If numbers are infinite how can we call anything truly accurate? How can any number exist (i.e. 1 or 17.8732)? It's an infinite regression. You could always make your measurement more precise. Thanks.
Accepted:
March 27, 2006

Comments

Richard Heck
March 27, 2006 (changed March 27, 2006) Permalink

Your question concerns real numbers and measurement of physical phenomena using them. The question would not arise if we were talking about non-negative integers and the use of such numbers to answer "how many" questions, like: How many panelists are there on askphilosophers.org? The answer "39" is perfectly accurate. Nor would the question arise if we were talking about the use of real numbers within mathematics itself: The ratio between the circumference and the diameter of a circle in Euclidean space is π, amd that too is perfectly accurate.

On the other hand, if we are, as I said, talking about real numbers and their use in measurement, the question does arise. And I think one might have to allow that, by and large, no measurement one makes is every completely precise.

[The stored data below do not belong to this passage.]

(* Let $(\Omega,\mathcal{F})$ be a measurable space, let $\mathrm{B}_b$ denote the space of all bounded real-valued $\mathcal{F}$-measurable functions on $\Omega$, and let $C\subset \mathrm{B}_b$ be a set with $0\in C$ and $X+m\in C$ for all $X\in C$ and $m\in\mathbb{R}$. A map $H\colon C\to\mathbb{R}$ is a premium principle if and only if there exist a risk measure $R\colon \mathrm{B}_b\to\mathbb{R}$ and a deviation measure $D\colon C\to\mathbb{R}$ such that $$H(X)=R(X)+D(X)\quad\text{for all }X\in C.$$
   Context: Constants are identified with constant functions, and $\le$ denotes the pointwise order on $\mathrm{B}_b$. A map $H\colon C\to\mathbb{R}$ is a premium principle if (P1) $H(X+m)=H(X)+m$ for all $X\in C$, $m\in\mathbb{R}$, and (P2) $H(0)=0$ and $H(X)\ge 0$ for all $X\in C$ with $X\ge 0$. A map $R\colon \mathrm{B}_b\to\mathbb{R}$ is a risk measure if $R(X+m)=R(X)+m$ for all $X\in\mathrm{B}_b$, $m\in\mathbb{R}$, and $R(0)=0$ and $R(X)\le R(Y)$ whenever $X\le Y$. A map $D\colon C\to\mathbb{R}$ is a deviation measure if $D(X+m)=D(X)$ for all $X\in C$, $m\in\mathbb{R}$, and $D(0)=0$ and $D(X)\ge 0$ for all $X\in C$. *)

From HB Require Import structures.
From mathcomp Require Import all_boot all_order all_algebra.
From mathcomp Require Import boolp classical_sets reals measure lebesgue_measure.
Set Implicit Arguments. Unset Strict Implicit. Unset Printing Implicit Defensive.
Import Order.TTheory GRing.Theory Num.Theory.
Local Open Scope ring_scope.
Local Open Scope classical_set_scope.

Section Defs.
Context {d : measure_display} {T : measurableType d} {R : realType}.

Definition Bb (X : T -> R) : Prop :=
  measurable_fun setT X /\ exists M : R, forall w, `|X w| <= M.

Definition addc (X : T -> R) (m : R) : T -> R := fun w => X w + m.

Definition fle (X Y : T -> R) : Prop := forall w, X w <= Y w.

(* A map H : C -> R is modelled by H : (T -> R) -> R, only its values on C matter. *)
Definition premium_principle (C : set (T -> R)) (H : (T -> R) -> R) : Prop :=
  (forall X m, C X -> H (addc X m) = H X + m) /\
  H (fun _ => 0) = 0 /\
  (forall X, C X -> fle (fun _ => 0) X -> 0 <= H X).

(* A map rho : B_b -> R, modelled on all functions, only values on Bb matter. *)
Definition risk_measure (rho : (T -> R) -> R) : Prop :=
  (forall X m, Bb X -> rho (addc X m) = rho X + m) /\
  rho (fun _ => 0) = 0 /\
  (forall X Y, Bb X -> Bb Y -> fle X Y -> rho X <= rho Y).

Definition deviation_measure (C : set (T -> R)) (D : (T -> R) -> R) : Prop :=
  (forall X m, C X -> D (addc X m) = D X) /\
  D (fun _ => 0) = 0 /\
  (forall X, C X -> 0 <= D X).

End Defs.

From mathcomp Require Import all_boot all_order all_algebra.
From mathcomp Require Import boolp classical_sets reals measure lebesgue_measure.
From mathcomp Require Import lra measurable_realfun.
Set Implicit Arguments. Unset Strict Implicit. Unset Printing Implicit Defensive.
Import Order.TTheory GRing.Theory Num.Theory.
Local Open Scope ring_scope.
Local Open Scope classical_set_scope.

(* Conversely, the infimum [X |-> inf X] is a risk measure, and
   [H - inf] is a deviation measure: it is translation invariant because both
   [H] and [inf] are translation equivariant, and nonnegative because
   [H X - inf X = H (X - inf X)] with [X - inf X >= 0].  The only other point
   is that a premium principle cannot exist on an empty sample space, where
   [0 + 1 = 0] as functions. *)

Section InfRisk.
Context {d : measure_display} {T : measurableType d} {R : realType}.
Implicit Types (X : T -> R) (m : R).

Lemma Bb_addc X m : Bb X -> Bb (addc X m).
Proof.
move=> [mX [M HM]]; split; first exact/measurable_funD.
exists (M + `|m|) => w; apply: le_trans (ler_normD _ _) _.
by rewrite lerD2r.
Qed.

Lemma Bb_has_lbound X : Bb X -> has_lbound (range X).
Proof.
move=> [_ [M HM]]; exists (- M) => _ [w _ <-].
by have := HM w; rewrite ler_norml => /andP[].
Qed.

Definition inf_risk X : R := inf (range X).

Lemma inf_risk_le X w : Bb X -> inf_risk X <= X w.
Proof. by move=> /Bb_has_lbound/ge_inf; apply; exists w. Qed.

(* [inf set0 = 0]: on an empty space [inf_risk] is not translation equivariant. *)
Variable w0 : T.

Lemma inf_risk_ge X x : (forall w, x <= X w) -> x <= inf_risk X.
Proof.
move=> lbX; apply: lb_le_inf; first by exists (X w0), w0.
by move=> _ [w _ <-].
Qed.

Lemma inf_risk_cst c : inf_risk (fun _ => c) = c.
Proof.
rewrite /inf_risk set_cst ifN ?inf1 //.
by apply/set0P; exists w0.
Qed.

Lemma inf_risk_addc X m : Bb X -> inf_risk (addc X m) = inf_risk X + m.
Proof.
move=> BX; apply/le_anti/andP; split.
  rewrite -lerBlDr; apply: inf_risk_ge => w.
  by rewrite lerBlDr; apply: inf_risk_le; exact: Bb_addc.
by apply: inf_risk_ge => w; rewrite /addc lerD2r inf_risk_le.
Qed.

Lemma risk_measure_inf : risk_measure inf_risk.
Proof.
split; [exact: inf_risk_addc | split; first exact: inf_risk_cst].
move=> X Y BX _ XY; apply: inf_risk_ge => w.
exact: le_trans (inf_risk_le w BX) (XY w).
Qed.

End InfRisk.

Section PremiumPrinciple.
Context {d : measure_display} {T : measurableType d} {R : realType}.
Variable C : set (T -> R).
Hypothesis hCB : forall X, C X -> Bb X.
Hypothesis hC0 : C (fun _ => 0).
Hypothesis hCm : forall X m, C X -> C (addc X m).

Lemma premium_principle_inhabited H : premium_principle C H -> exists w : T, True.
Proof.
move=> [Htr [H0 _]]; apply: contrapT => T0.
have cst01 : addc (fun _ : T => 0) 1 = (fun _ => 0 : R).
  by apply: funext => w; exfalso; apply: T0; exists w.
by have := Htr _ 1 hC0; rewrite cst01 H0 add0r => /eqP; rewrite eq_sym oner_eq0.
Qed.

Lemma deviation_measure_sub_inf_risk (w0 : T) H :
  premium_principle C H -> deviation_measure C (fun X => H X - inf_risk X).
Proof.
move=> [Htr [H0 Hpos]]; split; [|split].
- move=> X m CX; rewrite Htr // inf_risk_addc //; [lra | exact: hCB].
- by rewrite H0 inf_risk_cst // subr0.
- move=> X CX; rewrite -Htr //; apply: Hpos; first exact: hCm.
  by move=> w; rewrite /addc subr_ge0 inf_risk_le //; exact: hCB.
Qed.

Lemma premium_principle_add rho D :
  risk_measure rho -> deviation_measure C D ->
  premium_principle C (fun X => rho X + D X).
Proof.
move=> [rtr [r0 rmon]] [Dtr [D0 Dpos]]; split; [|split].
- by move=> X m CX; rewrite rtr ?Dtr 1?addrAC //; exact: hCB.
- by rewrite r0 D0 addr0.
- move=> X CX X_ge0; apply: addr_ge0; last exact: Dpos.
  by rewrite -r0; apply: rmon => //; exact: hCB.
Qed.

Lemma premium_principle_eq_on H H' : (forall X, C X -> H X = H' X) ->
  premium_principle C H' -> premium_principle C H.
Proof.
move=> HH' [Htr [H0 Hpos]]; split; [|split].
- by move=> X m CX; rewrite !HH' ?Htr //; exact: hCm.
- by rewrite HH'.
- by move=> X CX; rewrite HH' //; exact: Hpos.
Qed.

End PremiumPrinciple.

Theorem theorem2p2 (d : measure_display) (T : measurableType d) (R : realType)
  (C : set (T -> R))
  (hCB : forall X, C X -> Bb X)
  (hC0 : C (fun _ => 0))
  (hCm : forall X m, C X -> C (addc X m))
  (H : (T -> R) -> R) :
  premium_principle C H <->
  exists (rho D : (T -> R) -> R),
    risk_measure rho /\ deviation_measure C D /\
    (forall X, C X -> H X = rho X + D X).
Proof.
split=> [HC | [rho [D [rho_risk [D_dev HrD]]]]].
- have [w0 _] := premium_principle_inhabited hC0 HC.
  exists inf_risk, (fun X => H X - inf_risk X); split; first exact: risk_measure_inf.
  split; first exact: deviation_measure_sub_inf_risk.
  by move=> X _; rewrite addrC subrK.
- apply: premium_principle_eq_on HrD _ => //.
  exact: premium_principle_add.
Qed.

But scientists are quite well aware of this fact. That is why, when they are being careful, they will say that a measurement is, say, "accurate to within a millimeter". That is also what makes the concept of "significant digits" (which, at least when I was in school, I had to learn about) important.

That said, it doesn't follow that no measurement of a physical phenomenon is ever perfectly precise. Examples might be hard to come by, and some of them might be quite artificial, but nothing in what we've said here shows that there couldn't be such things.